Saved data entries
Segment Open

(* Cauchy-Schwarz, first in squared form (minimise the quadratic
   t |-> |t u + w|^2 at t = -<u,w>/<u,u>). *)
Lemma edot_sqr_le u w : edot u w ^+ 2 <= edot u u * edot w w.
Proof.
have [h0|hpos] := eqVneq (edot u u) 0.
  have e0 v : edot (fun _ => 0) v = 0 by rewrite /edot big1 // => i _; rewrite mul0r.
  by rewrite (edot_eq0 h0) !e0 expr0n mul0r.
have Apos : 0 < edot u u by rewrite lt_def hpos edot_ge0.
set A := edot u u; set B := edot u w; set C := edot w w.
pose t := - B / A.
have := edot_ge0 (fun i => t * u i + w i).
rewrite edotDl !edotZl edotDr edotZr edotDr edotZr -/A -/B -/C (edotC w u) -/B.
have -> : t * (t * A + B) + (t * B + C) = C - B ^+ 2 / A.
  by rewrite /t; field; rewrite lt0r_neq0.
by rewrite subr_ge0 ler_pdivrMr // mulrC.
Qed.

Lemma cauchy_schwarz u w : `|edot u w| <= enorm u * enorm w.
Proof.
rewrite !enormE -sqrtrM ?edot_ge0 // -sqrtr_sqr ler_sqrt ?mulr_ge0 ?edot_ge0 //.
exact: edot_sqr_le.
Qed.

Lemma enormD u w : enorm (fun i => u i + w i) <= enorm u + enorm w.
Proof.
rewrite enormE -(@ger0_norm _ (enorm u + enorm w)); last by rewrite addr_ge0 ?enorm_ge0.
rewrite -sqrtr_sqr ler_sqrt ?sqr_ge0 // edotDl !edotDr (edotC w u) sqrrD !enorm_sqr.
have := cauchy_schwarz u w; have := ler_norm (edot u w); lra.
Qed.

Lemma enormN u : enorm (fun i => - u i) = enorm u.
Proof.
rewrite -[RHS]mul1r -normrN1 -enormZ.
by congr enorm; apply: funext => i; rewrite mulN1r.
Qed.

Lemma enormB u w : enorm (fun i => u i - w i) <= enorm u + enorm w.
Proof. by rewrite -(enormN w); exact: enormD. Qed.

Lemma enormBC u w : enorm (fun i => u i - w i) = enorm (fun i => w i - u i).
Proof. by rewrite -enormN; congr enorm; apply: funext => i; rewrite opprB. Qed.

Lemma enorm_lerB u w : enorm u - enorm w <= enorm (fun i => u i - w i).
Proof.
have := enormD (fun i => u i - w i) w.
have -> : (fun i => u i - w i + w i) = u by apply: funext => i; rewrite subrK.
lra.
Qed.

Lemma enorm_sum (I : Type) (s : seq I) (F : I -> 'I_D -> R) :
  enorm (fun i => \sum_(y <- s) F y i) <= \sum_(y <- s) enorm (F y).
Proof.
elim: s => [|y s IH].
  have -> : (fun i => \sum_(y <- [::]) F y i) = (fun _ => 0).
    by apply: funext => i; rewrite big_nil.
  by rewrite enorm0 big_nil.
rewrite big_cons.
have -> : (fun i => \sum_(j <- y :: s) F j i) = (fun i => F y i + \sum_(j <- s) F j i).
  by apply: funext => i; rewrite big_cons.
by apply: le_trans (enormD _ _) _; rewrite lerD2l.
Qed.

End Euclid.

(* Fewer than D vectors of R^D always admit a common orthogonal unit vector:
   take a nonzero row of the kernel of the matrix they form. *)
Lemma unit_orthogonal_to_seq (R : realType) (D : nat) (s : seq ('I_D -> R)) :
  (size s < D)%N ->
  exists u : 'I_D -> R, edot u u = 1 /\
    forall k, (k < size s)%N -> edot (nth (fun _ => 0) s k) u = 0.
Proof.
move=> hs.
pose A : 'M[R]_(size s, D) := \matrix_(i, j) nth (fun _ => 0) s i j.
pose B := kermx A^T.
have rB : (0 < \rank B)%N.
  rewrite /B mxrank_ker mxrank_tr subn_gt0.
  exact: leq_ltn_trans (rank_leq_row A) hs.
have [l hl] : exists l, row l B != 0.
  apply: contrapT => h; move: rB; suff -> : B = 0 by rewrite mxrank0.
  apply/row_matrixP => i; rewrite row0.
  by case: (eqVneq (row i B) 0) => // hi; exfalso; apply: h; exists i.
pose x := fun j : 'I_D => row l B 0 j.
have xA : forall i : 'I_(size s), edot (nth (fun _ => 0) s i) x = 0.
  move=> i; have : (row l B *m A^T) 0 i = 0.
    by rewrite -row_mul /B mulmx_ker row0 mxE.
  rewrite mxE => h; rewrite -[RHS]h; apply: eq_bigr => j _.
  by rewrite [A^T j i]mxE [A i j]mxE mulrC.
have xpos : 0 < edot x x.
  rewrite lt_def edot_ge0 andbT; apply/negP => /eqP /edot_eq0 h.
  move/negP: hl; apply; apply/eqP/matrixP => i j.
  by rewrite (ord1 i) [RHS]mxE -/(x j) h.
pose c := (Num.sqrt (edot x x))^-1.
exists (fun j => c * x j); split.
  rewrite edotZl edotZr mulrA /c -expr2 exprVn sqr_sqrtr ?edot_ge0 //.
  by rewrite mulVf // gt_eqF.
by move=> k hk; rewrite edotZr (xA (Ordinal hk)) mulr0.
Qed.

Section Doubling.
Variables (R : realType) (X : choiceType) (d : X -> X -> R) (K : nat).
Hypothesis hd : is_metric d.
Hypothesis hdb : doubling d K.

Lemma d0 x : d x x = 0. Proof. by case: hd => h _ _; apply/h. Qed.
Lemma dC x y : d x y = d y x. Proof. by case: hd. Qed.
Lemma dtri x y z : d x z <= d x y + d y z. Proof. by case: hd. Qed.

Lemma d_ge0 x y : 0 <= d x y.
Proof. by have := dtri x y x; rewrite d0 (dC y x); lra. Qed.

Lemma d_gt0 x y : x <> y -> 0 < d x y.
Proof.
move=> nxy; rewrite lt_def d_ge0 andbT; apply/eqP => h.
by apply: nxy; case: hd => e _ _; apply/e.
Qed.

Lemma doubling_iter k x (rho : R) : 0 < rho ->
  exists (T : finType) (c : T -> X), #|T| = (K ^ k)%N /\
    forall y, d x y <= rho -> exists t, d (c t) y <= rho / 2 ^+ k.
Proof.
move=> rp; elim: k => [|k [T [c [cT hc]]]].
  exists unit, (fun _ => x); split; first by rewrite card_unit.
  by move=> y hy; exists tt; rewrite expr0 divr1.
have rk : 0 < rho / 2 ^+ k by rewrite divr_gt0 // exprn_gt0.
have [f hf] := choice (fun t => @hdb (c t) (rho / 2 ^+ k) rk).
exists (T * 'I_K)%type, (fun p => f p.1 p.2); split.
  by rewrite card_prod cT card_ord expnSr.
move=> y /hc [t ht]; have [i hi] := hf t y ht; exists (t, i) => /=.
by rewrite exprSr invfM mulrA.
Qed.

Definition separated (S : set X) (r : R) :=
  forall x y, S x -> S y -> x <> y -> r < d x y.
Section DihedralOrbits.
Variables (p n : nat) (I : finType) (H : {group {perm 'I_n}}).
Variables (Omega : I -> {set 'I_n}) (G : I -> {group {perm 'I_n}}).
Hypotheses (p_pr : prime p) (p_odd : odd p) (Omega_inj : injective Omega).
Hypothesis orbitsE : [set orbit 'P H x | x : 'I_n] = [set Omega i | i : I].
Hypothesis card_Omega : forall i, #|Omega i| = p.
Hypothesis Omega_dihedral : forall i, perm_iso_dihedral p (Omega i) (restrG (Omega i) H).
Hypothesis G_Sylow : forall i, G i \in 'Syl_p(restrG (Omega i) H).

Implicit Types P Q : {group {perm 'I_n}}.

Local Notation D i := (restrG (Omega i) H).
Local Notation Gprod := <<\bigcup_i G i>>.

Let p_gt2 : 2 < p.
Proof. by move: (prime_gt1 p_pr) p_odd; case: p => [|[|[]]]. Qed.

Let G_pHall i : p.-Sylow(D i) (G i).
Proof. by have := G_Sylow i; rewrite inE. Qed.

Lemma orbit_Omega i x : x \in Omega i -> orbit 'P H x = Omega i.
Proof.
have /imsetP[y _ ->] : Omega i \in [set orbit 'P H x | x : 'I_n] by rewrite orbitsE imset_f.
by move/orbit_eqP.
Qed.

Lemma Omega_cover x : exists i, x \in Omega i.
Proof.
have /imsetP[i _ Oi] : orbit 'P H x \in [set Omega i | i : I] by rewrite -orbitsE imset_f.
by exists i; rewrite -Oi orbit_refl.
Qed.

Lemma Omega_disjoint i j x : x \in Omega i -> x \in Omega j -> i = j.
Proof. by move=> xi xj; apply: Omega_inj; rewrite -(orbit_Omega xi) -(orbit_Omega xj). Qed.

Lemma astabs_Omega i : H \subset 'N(Omega i | 'P).
Proof.
have [x xi] : exists x, x \in Omega i by apply/set0Pn; rewrite -card_gt0 card_Omega prime_gt0.
by rewrite -(orbit_Omega xi) acts_orbit ?subsetT.
Qed.

Lemma card_D i : #|D i| = (2 * p)%N.
Proof.
apply: (card_perm_iso_dihedral p_gt2 (Omega_dihedral i)) => x xi.
by rewrite orbit_restr_perm ?astabs_Omega // (orbit_Omega xi).
Qed.

Lemma card_stab_D i x : x \in Omega i -> #|'C_(D i)[x | 'P]| = 2.
Proof.
move=> xi; have := card_orbit_stab 'P (D i) x.
rewrite orbit_restr_perm ?astabs_Omega // (orbit_Omega xi) card_Omega card_D [RHS]mulnC.
by move/eqP; rewrite eqn_pmul2l ?prime_gt0 // => /eqP.
Qed.

Lemma card_G i : #|G i| = p.
Proof.
rewrite (card_Hall (G_pHall i)) card_D partnM ?prime_gt0 // (part_pnat_id (pnat_id p_pr)).
by rewrite part_p'nat ?mul1n // pnatE // inE /= neq_ltn p_gt2.
Qed.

Segment Closed

> Task goal:
All lines in the data above from the one with "Lemma dtri x" through the one with "Lemma doubling_iter k" must be repeated exactly, and no others.

> Exercise answer:
Lemma dtri x y z : d x z <= d x y + d y z. Proof. by case: hd. Qed.

Lemma d_ge0 x y : 0 <= d x y.
Proof. by have := dtri x y x; rewrite d0 (dC y x); lra. Qed.

Lemma d_gt0 x y : x <> y -> 0 < d x y.
Proof.
move=> nxy; rewrite lt_def d_ge0 andbT; apply/eqP => h.
by apply: nxy; case: hd => e _ _; apply/e.
Qed.

Lemma doubling_iter k x (rho : R) : 0 < rho ->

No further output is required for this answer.